▸ **What you will do**:
Within the records below is a range that opens at the line with "(1 - rho) * n%:R <= (#|agreement S x|)%:R." and closes at the line with "From mathcomp Require Import ring lra.". Return that range word for word, both ends included, and only that range.

%%

(* Fix $0<R<1$, $\varepsilon>0$ with $1-R-\varepsilon>0$, a positive integer $\ell$, and let $q$ be a prime power with $q\ge \max\left(\ell^{\frac{8R}{\varepsilon}+6},\ \ell\cdot 2^{4/\varepsilon}\right)$. Let $\mathcal{C}\subseteq \mathbb{F}_q^n$ be a random linear code of rate $R$. Then with probability at least $1-2q^{-\varepsilon n/8}$, $\mathcal{C}$ is $\left(1-R-\varepsilon,\ \ell,\ L\right)$-list-recoverable with $L\le \left(\frac{2\ell}{\varepsilon}\right)^{2\ell/\varepsilon}$.
   Context: A random linear code (RLC) of rate $R$ in $\mathbb{F}_q^n$ is the column span of a generator matrix $\mathbf{G}\in\mathbb{F}_q^{n\times Rn}$ whose entries are independent and uniformly random elements of $\mathbb{F}_q$ (here $Rn$ is an integer). For $x\in\mathbb{F}_q^n$ and sets $S_1,\dots,S_n\subseteq\mathbb{F}_q$, the agreement set is $\{i\in[n]: x[i]\in S_i\}$. The $\rho$-radius $\ell$-list-recovery ball $B(\rho,S_1\times\cdots\times S_n)$, for sets $S_i$ of size $\ell$, is the set of $x\in\mathbb{F}_q^n$ whose agreement set with $S_1,\dots,S_n$ has size at least $(1-\rho)n$. A code $\mathcal{C}\subseteq\mathbb{F}_q^n$ is $(\rho,\ell,L)$-list-recoverable if every $\rho$-radius $\ell$-list-recovery ball contains at most $L$ codewords of $\mathcal{C}$. *)

From HB Require Import structures.
From mathcomp Require Import all_boot all_order all_algebra all_field.
From mathcomp Require Import reals exp.
Set Implicit Arguments. Unset Strict Implicit. Unset Printing Implicit Defensive.
Import Order.TTheory GRing.Theory Num.Theory.
Local Open Scope ring_scope.

Section ListRecovery.
Variables (R : realType) (F : finFieldType) (n : nat).

Definition col_span_code k (G : 'M[F]_(n, k)) : {set 'cV[F]_n} :=
  [set G *m m | m : 'cV[F]_k].

Definition agreement (S : {ffun 'I_n -> {set F}}) (x : 'cV[F]_n) : {set 'I_n} :=
  [set i | x i 0 \in S i].

Definition in_lr_ball (rho : R) (S : {ffun 'I_n -> {set F}}) (x : 'cV[F]_n) : bool :=
  (1 - rho) * n%:R <= (#|agreement S x|)%:R.

Definition list_recoverable (rho : R) (l : nat) (L : R) (C : {set 'cV[F]_n}) : bool :=
  [forall S : {ffun 'I_n -> {set F}},
     [forall i, #|S i| == l] ==>
     ((#|[set x in C | in_lr_ball rho S x]|)%:R <= L)].

End ListRecovery.

From HB Require Import structures.
From mathcomp Require Import all_boot all_order all_algebra all_field.
From mathcomp Require Import reals sequences exp.
From mathcomp Require Import ring lra.
Set Implicit Arguments. Unset Strict Implicit. Unset Printing Implicit Defensive.
Import Order.TTheory GRing.Theory Num.Theory.
Local Open Scope ring_scope.

(* A code is list-recoverable once it avoids two bad events. First, no nonzero
   codeword has (r + eps/2) n zeros or more. Then fewer than (r + eps/2) n
   coordinates vanish on a nonzero subspace U of the code, so a word of y + U
   agreeing with the lists S_i on (r + eps) n coordinates agrees with them on
   eps n / 2 coordinates where U does not vanish; fixing one such coordinate to
   one of its l allowed values cuts the dimension, and by induction there are at
   most (2 l / eps) ^ dim U such words. Second, no d + 1 = trunc (2 l / eps) + 1
   independent codewords agree with a common list on (r + eps) n coordinates;
   hence the codewords of a ball span at most d dimensions. Union bounds over
   low-weight vectors, and over lists and (d + 1)-tuples of agreeing vectors,
   show that each event has probability at most q ^ (- eps n / 8), given the two
   lower bounds on q. *)

Lemma leq_card_cover (T I : finType) (P : {pred I}) (A : I -> {set T}) (B : {set T}) :
  (forall x, x \in B -> exists2 i, i \in P & x \in A i) ->
  (#|B| <= \sum_(i in P) #|A i|)%N.
Proof.
move=> coverB; apply: (@leq_trans #|\bigcup_(i in P) A i|).
  by apply/subset_leq_card/subsetP => x /coverB [i Pi Aix]; apply/bigcupP; exists i.
elim/big_ind2: _ => [|A1 n1 A2 n2 le1 le2 | //]; first by rewrite cards0.
exact: leq_trans (leq_card_setU _ _) (leq_add le1 le2).
Qed.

%%

▸ **Exercise output**:
  (1 - rho) * n%:R <= (#|agreement S x|)%:R.

Definition list_recoverable (rho : R) (l : nat) (L : R) (C : {set 'cV[F]_n}) : bool :=
  [forall S : {ffun 'I_n -> {set F}},
     [forall i, #|S i| == l] ==>
     ((#|[set x in C | in_lr_ball rho S x]|)%:R <= L)].

End ListRecovery.

From HB Require Import structures.
From mathcomp Require Import all_boot all_order all_algebra all_field.
From mathcomp Require Import reals sequences exp.
From mathcomp Require Import ring lra.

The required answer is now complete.